I thought that in python x = x - a was the exactly the same as x-=a. But apparently not with tensor :

In the following code the gradient is not set to None after updating the parameter (x-=a case):

import torch

x1 = torch.tensor([2.0], requires_grad=True)

x2 = torch.tensor([3.0], requires_grad=True)

y = (x1 * x2).pow(2)

y.backward()

print(“x1.grad=”,x1.grad)

with torch.no_grad():

x1 -= 0.01 * x1.grad # <=============================

print(“x1.grad=”,x1.grad)

x1.grad.zero_()

print(“x1.grad=”,x1.grad)

output:

x1.grad= tensor([36.])

x1.grad= tensor([36.])

x1.grad= tensor([0.])

but the following code the gradient is set to None (x = x - a) :

import torch

x1 = torch.tensor([2.0], requires_grad=True)

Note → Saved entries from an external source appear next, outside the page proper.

Lemma is_RInt_pw_sub c p a y : a < c -> y < c -> p + 1 <> 0 ->
  is_RInt (fun s => pw (c - s) p) a y ((pw (c - a) (p + 1) - pw (c - y) (p + 1)) / (p + 1)).
Proof.
intros Ha Hy Hp.
replace ((pw (c - a) (p + 1) - pw (c - y) (p + 1)) / (p + 1))
  with (minus (- / (p + 1) * pw (c - y) (p + 1)) (- / (p + 1) * pw (c - a) (p + 1)))
  by (unfold minus, plus, opp; simpl; field; exact Hp).
apply (is_RInt_derive (fun s => - / (p + 1) * pw (c - s) (p + 1))); intros x Hx;
  assert (x < c) by (pose proof (Rmax_lub_lt a y c); lra).
- replace (pw (c - x) p) with (- / (p + 1) * (- ((p + 1) * pw (c - x) (p + 1 - 1))))
    by (replace (p + 1 - 1) with p by ring; field; exact Hp).
  apply is_derive_scal, is_derive_pw_sub. lra.
- apply continuous_pw_sub_of_lt. lra.
Qed.

(** * Improper integrals *)

Lemma abs_RInt_le_primitive (f k K : R -> R) u v :
  ex_RInt f u v -> (forall x, Rmin u v <= x <= Rmax u v -> Rabs (f x) <= k x) ->
  is_RInt k u v (K v - K u) -> Rabs (RInt f u v) <= Rabs (K v - K u).
Proof.
intros Hf Hfk Hk. destruct (Rle_lt_dec u v) as [Huv|Hvu].
- eapply Rle_trans; [|apply Rle_abs].
  apply (norm_RInt_le f k u v _ _ Huv);
    [| apply (RInt_correct (V := R_CompleteNormedModule)), Hf | exact Hk].
  intros x Hx. apply Hfk. rewrite Rmin_left, Rmax_right; lra.
- rewrite <- opp_RInt_swap by (apply ex_RInt_swap, Hf). rewrite Rabs_minus_sym.
  change (Rabs (- RInt f v u) <= Rabs (K u - K v)). rewrite Rabs_Ropp.
  eapply Rle_trans; [|apply Rle_abs].
  apply (norm_RInt_le f k v u _ _ (Rlt_le _ _ Hvu)).
  + intros x Hx. apply Hfk. rewrite Rmin_right, Rmax_left; lra.
  + apply (RInt_correct (V := R_CompleteNormedModule)), ex_RInt_swap, Hf.
  + replace (K u - K v) with (opp (K v - K u)) by (unfold opp; simpl; ring).
    apply (is_RInt_swap (V := R_NormedModule)), Hk.
Qed.

Lemma is_RInt_gen_from_point {F} {FF : Filter F} (f : R -> R) a l :
  F (fun y => ex_RInt f a y) -> filterlim (fun y => RInt f a y) F (locally l) ->
  is_RInt_gen f (at_point a) F l.
Proof.
intros Hex Hl P HP.
apply (Filter_prod _ _ _ (fun x => x = a) (fun y => ex_RInt f a y /\ P (RInt f a y))).
- reflexivity.
- apply filter_and; [exact Hex | exact (Hl P HP)].
- intros x y -> [Hy HPy]. exists (RInt f a y). split; [| exact HPy].
  apply (RInt_correct (V := R_CompleteNormedModule)), Hy.
Qed.

Lemma is_RInt_gen_to_point {F} {FF : Filter F} (f : R -> R) b l :
  F (fun y => ex_RInt f b y) -> filterlim (fun y => RInt f b y) F (locally l) ->
  is_RInt_gen f F (at_point b) (- l).
Proof.
intros Hex Hl P HP.
assert (Hopp := filterlim_comp _ _ _ _ _ _ _ _ Hl (filterlim_opp (K := R_AbsRing) l) P HP).
apply (Filter_prod _ _ _ (fun y => ex_RInt f b y /\ P (opp (RInt f b y))) (fun x => x = b)).
- apply filter_and; [exact Hex | exact Hopp].
- reflexivity.
- intros y x [Hy HPy] ->. exists (opp (RInt f b y)). split; [|exact HPy].
  apply (is_RInt_swap (V := R_CompleteNormedModule)).
  apply (RInt_correct (V := R_CompleteNormedModule)), Hy.
Qed.

Lemma RInt_cvg_of_dominated {F} {FF : ProperFilter F} (f K : R -> R) a (P : R -> Prop) :
  F P -> (forall u, P u -> ex_RInt f a u) -> (forall u v, P u -> P v -> ex_RInt f u v) ->
  (forall u v, P u -> P v -> Rabs (RInt f u v) <= Rabs (K v - K u)) ->
  (exists l, filterlim K F (locally l)) ->
  exists l, filterlim (fun y => RInt f a y) F (locally l).
Proof.
intros HP Hexa Hex Hdom HK. apply filterlim_locally_cauchy. intros eps.
destruct (proj2 (filterlim_locally_cauchy K) HK eps) as [Q [HQ HQK]].
exists (fun y => P y /\ Q y). split; [apply filter_and; assumption|].
intros u v [Pu Qu] [Pv Qv]. change (Rabs (RInt f a v - RInt f a u) < eps).
rewrite <- (RInt_Chasles f a u v) by auto.
change (Rabs (RInt f a u + RInt f u v - RInt f a u) < eps).
rewrite Rplus_comm. unfold Rminus. rewrite Rplus_assoc, Rplus_opp_r, Rplus_0_r.
eapply Rle_lt_trans; [apply Hdom; assumption | exact (HQK u v Qu Qv)].
Qed.

(** * The Gamma function *)

Lemma exp_neg_le_1 t : 0 <= t -> exp (- t) <= 1.
Proof.
intros Ht. rewrite <- exp_0. destruct (Req_dec t 0) as [->|Ht0].
- rewrite Ropp_0. apply Rle_refl.
- left. apply exp_increasing. lra.
Qed.

Lemma mult_exp_neg_lt t : 0 < t -> t * exp (- t) < 4 / t.
Proof.
intros Ht. rewrite exp_Ropp.
assert (Hsq : t * t / 4 < exp t).
{ replace (exp t) with (exp (t / 2) * exp (t / 2)) by (rewrite <- exp_plus; f_equal; field).
  pose proof (exp_ineq1_le (t / 2)). nra. }
pose proof (exp_pos t).
apply (Rmult_lt_reg_r (exp t * t)); [nra|].
replace (t * / exp t * (exp t * t)) with (t * t) by (field; lra).
replace (4 / t * (exp t * t)) with (4 * exp t) by (field; lra). lra.
Qed.

Lemma pw_mul_exp_neg_at_infty p : p <= 1 ->
  filterlim (fun t => pw t p * exp (- t)) (Rbar_locally p_infty) (locally 0).
Proof.
intros Hp. apply filterlim_locally. intros eps. pose proof (cond_pos eps).
exists (Rmax 1 (4 / eps)). intros t Ht.
pose proof (Rmax_l 1 (4 / eps)). pose proof (Rmax_r 1 (4 / eps)).
change (Rabs (pw t p * exp (- t) - 0) < eps).
rewrite Rminus_0_r, Rabs_pos_eq by (apply Rmult_le_pos; [apply pw_ge0 | left; apply exp_pos]).
assert (Hpt : pw t p <= t) by (rewrite <- (pw_1_r t) at 2 by lra; apply pw_le_compat_r; lra).
assert (H4 : 4 / t <= eps).
{ apply (Rmult_le_reg_r t); [lra|]. replace (4 / t * t) with (eps * (4 / eps)) by (field; lra).
  apply Rmult_le_compat_l; lra. }
pose proof (mult_exp_neg_lt t ltac:(lra)). pose proof (exp_pos (- t)). nra.
Qed.

Lemma pw_mul_exp_neg_at_0 p : 0 < p ->
  filterlim (fun t => pw t p * exp (- t)) (at_right 0) (locally 0).
Proof.
intros Hp. replace (locally 0) with (locally (pw 0 p * exp (- 0)))
  by (rewrite pw_nonpos by lra; f_equal; ring).
apply (filterlim_filter_le_1 _ (filter_le_within (F := locally 0) (fun t => 0 < t))).
apply (continuous_mult (fun t => pw t p) (fun t => exp (- t))).
- apply continuous_pw_of_exp_pos, Hp.
- apply (ex_derive_continuous (K := R_AbsRing) (V := R_NormedModule)). auto_derive. easy.
Qed.

Definition Gamma_integrand (z t : R) : R := pw t (z - 1) * exp (- t).

Lemma Gamma_integrand_pos z t : 0 < t -> 0 < Gamma_integrand z t.
Proof.
intros Ht. unfold Gamma_integrand. rewrite pw_pos by exact Ht.
apply Rmult_lt_0_compat; apply exp_pos.
Qed.

Lemma continuous_Gamma_integrand z t : 0 < t -> continuous (Gamma_integrand z) t.
Proof.
intros Ht. apply (continuous_mult (fun t => pw t (z - 1)) (fun t => exp (- t))).
- apply continuous_pw_of_pos, Ht.
- apply (ex_derive_continuous (K := R_AbsRing) (V := R_NormedModule)). auto_derive. easy.
Qed.

Lemma ex_RInt_Gamma_integrand z u v : 0 < u -> 0 < v -> ex_RInt (Gamma_integrand z) u v.
Proof.
intros Hu Hv. apply (ex_RInt_continuous (V := R_CompleteNormedModule)). intros t Ht.
apply continuous_Gamma_integrand. pose proof (Rmin_glb_lt u v 0). lra.
Qed.

Lemma RInt_Gamma_integrand_ge0 z u v : 0 < u <= v -> 0 <= RInt (Gamma_integrand z) u v.
Proof.
intros Huv. apply RInt_ge_0; [lra | apply ex_RInt_Gamma_integrand; lra |].
intros t Ht. left. apply Gamma_integrand_pos. lra.
Qed.

Lemma RInt_Gamma_integrand_from_1_le z y : 0 < y <= 1 / 2 ->
  RInt (Gamma_integrand z) 1 y <= - RInt (Gamma_integrand z) (1 / 2) 1.
Proof.
intros Hy. rewrite <- opp_RInt_swap by (apply ex_RInt_Gamma_integrand; lra).
rewrite <- (RInt_Chasles _ y (1 / 2) 1) by (apply ex_RInt_Gamma_integrand; lra).
pose proof (RInt_Gamma_integrand_ge0 z y (1 / 2) Hy).
change (- (RInt (Gamma_integrand z) y (1 / 2) + RInt (Gamma_integrand z) (1 / 2) 1)
        <= - RInt (Gamma_integrand z) (1 / 2) 1). lra.
Qed.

x2 = torch.tensor([3.0], requires_grad=True)

y = (x1 * x2).pow(2)

y.backward()

print(“x1.grad=”,x1.grad)

with torch.no_grad():

x1 = x1 - 0.01 * x1.grad # <=============================

print(“x1.grad=”,x1.grad)

x1.grad.zero_()

output:

Traceback (most recent call last):

File “D:/gCloud/GoogleDrive/colabai/notes/torch/grad/zforum.py”, line 14, in

x1.grad.zero_() # AttributeError: ‘NoneType’ object has no attribute ‘zero_’

AttributeError: ‘NoneType’ object has no attribute ‘zero_’

x1.grad= tensor([36.])

x1.grad= None

Both solutions are ok for me. I just would like to understand this behaviour? Thanks.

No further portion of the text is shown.